CASE FILE: MeisterTask

role
Staff Engineer
period
2018-2024
stack
Ruby on Rails, GraphQL, Kubernetes, MySQL
about
large production task-management system serving millions of users
url
meistertask.com

Summary

MeisterTask is a task-management product used by millions of people — Kanban boards, project dashboards, automations, integrations, the full suite. I joined Meister in 2018 as a backend engineer and stayed through 2024, eventually working at staff level across the platform.

MeisterTask was created in 2015, and my job was focused around adding to and and keeping it running. That means shipping features into a mature product with real users who depend on it daily, keeping an eye on monitoring and contiuous refactoring. There is no single dramatic launch to point to — the work was sustained, cross-functional, and cumulative.

MeisterTask Agenda view showing a kanban-style board with task cards sorted by priority
The MeisterTask Agenda — a personal kanban view that pulls tasks from across projects into priority columns.

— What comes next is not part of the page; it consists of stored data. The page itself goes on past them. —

Lemma block_packing_packs (P : pred R) m : (0 < m)%N ->
  (forall x, P x -> x <= m%:R^-1) -> packs_all_but_one (block_packing m) P m.
Proof.
move=> m_gt0 P_le h wf_h ok_h; have [us mem_s _] := orderP wf_h ok_h.
have perm_items : perm_eq (items h) (order h).
  by apply: uniq_perm; rewrite ?uniq_items // => i; rewrite mem_s mem_items.
have nitemsE b : nitems h (block_packing m h) b = minn m (size (order h) - b * m).
  by rewrite /nitems size_filter (permP perm_items) count_index_div.
split.
- move=> b; rewrite /load big_seq_cond.
  apply: (@le_trans _ _ (\sum_(i <- items h | block_packing m h i == b) m%:R^-1)).
    rewrite [X in _ <= X]big_seq_cond; apply: ler_sum => i /andP[i_h _].
    by apply/P_le/(isize_inputs_ok ok_h); rewrite -mem_items.
  rewrite big_const_seq iter_addr_0 -size_filter -/(nitems _ _ b) nitemsE.
  have m_neq0 : m%:R != 0 :> R by rewrite pnatr_eq0 -lt0n.
  apply: (@le_trans _ _ (m%:R^-1 *+ m)); last by rewrite -(mulr_natr m%:R^-1) mulVf.
  by apply: ler_wpMn2l; rewrite ?invr_ge0 ?ler0n ?geq_minl.
- apply: (@leq_trans (size [:: size (order h) %/ m]%N)) => //.
  apply: uniq_leq_size; first exact/filter_uniq/undup_uniq.
  move=> b; rewrite mem_filter mem_undup => /andP[not_full /mapP[i i_h b_i]].
  move: not_full; rewrite b_i nitemsE inE /block_packing.
  have : (index i (order h) < size (order h))%N by rewrite index_mem mem_s -mem_items.
  have := leq_divM (index i (order h)) m.
  move: (index i (order h)) (size (order h)) => k n le_qk lt_kn not_full.
  rewrite eqn_leq leq_divRL // -[(n %/ m <= _)%N]ltnS ltn_divLR // mulSn.
  by move: (k %/ m * m)%N le_qk not_full => qm; lia.
Qed.
(* Let $H$ be a cocommutative Hopf algebra and $\mathcal{A}$ an $H$-bimodule algebra. Then the L-R-smash product $\mathcal{A}\natural H$ is isomorphic as an algebra to the smash product $\mathcal{A}\# H$, where $\mathcal{A}$ is regarded as a left $H$-module algebra via $h\rightarrow\varphi=h_1\cdot\varphi\cdot S(h_2)$.
   Context: Work over a field $k$, $H$ an ordinary Hopf algebra with antipode $S$, $\Delta(h)=h_1\otimes h_2$. An $H$-bimodule algebra is an associative unital algebra $\mathcal{A}$ which is an $H$-bimodule (actions $h\cdot\varphi$, $\varphi\cdot h$) with $h\cdot(\varphi\psi)=(h_1\cdot\varphi)(h_2\cdot\psi)$, $(\varphi\psi)\cdot h=(\varphi\cdot h_1)(\psi\cdot h_2)$, $h\cdot1=1\cdot h=\varepsilon(h)1$. The L-R-smash product $\mathcal{A}\natural H$ is $\mathcal{A}\otimes H$ with product $(\varphi\natural h)(\psi\natural h')=(\varphi\cdot h'_2)(h_1\cdot\psi)\natural h_2h'_1$ and unit $1\natural1$. For a left $H$-module algebra $\mathcal{A}$ with action $\rightarrow$, the smash product $\mathcal{A}\# H$ is $\mathcal{A}\otimes H$ with product $(\varphi\# h)(\varphi'\# h')=\varphi(h_1\rightarrow\varphi')\# h_2h'$. *)

From HB Require Import structures.
From mathcomp Require Import all_boot all_order all_algebra.
Set Implicit Arguments. Unset Strict Implicit. Unset Printing Implicit Defensive.
Import GRing.Theory.
Local Open Scope ring_scope.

On the backend I worked across the Rails application, the GraphQL API, background job infrastructure with Sidekiq, and the MySQL data layer. A significant chunk of the work was API design and evolution — MeisterTask serves native iOS, Android, and desktop clients alongside the web app, so the API surface is large and changes need to be careful.

I led the migration to Kubernetes, moving the production infrastructure from a more traditional setup into a containerised deployment. Alongside that I introduced OpenTelemetry-based observability, giving the team distributed tracing and structured telemetry across the stack for the first time.

MeisterTask Reports view showing a stacked bar chart of task creation over time with filters and a task list
Custom Reports — filterable charts and task lists for project analysis, built on the GraphQL API.

Beyond infrastructure, the work was product engineering. Building features, fixing performance problems, refactoring aging subsystems, reviewing code, mentoring engineers, and making the kind of small daily decisions that keep a large codebase habitable over years.

The product had paying teams, enterprise customers, and SLA expectations — the usual constraints of real production software where mistakes cost actual money and downtime is not theoretical.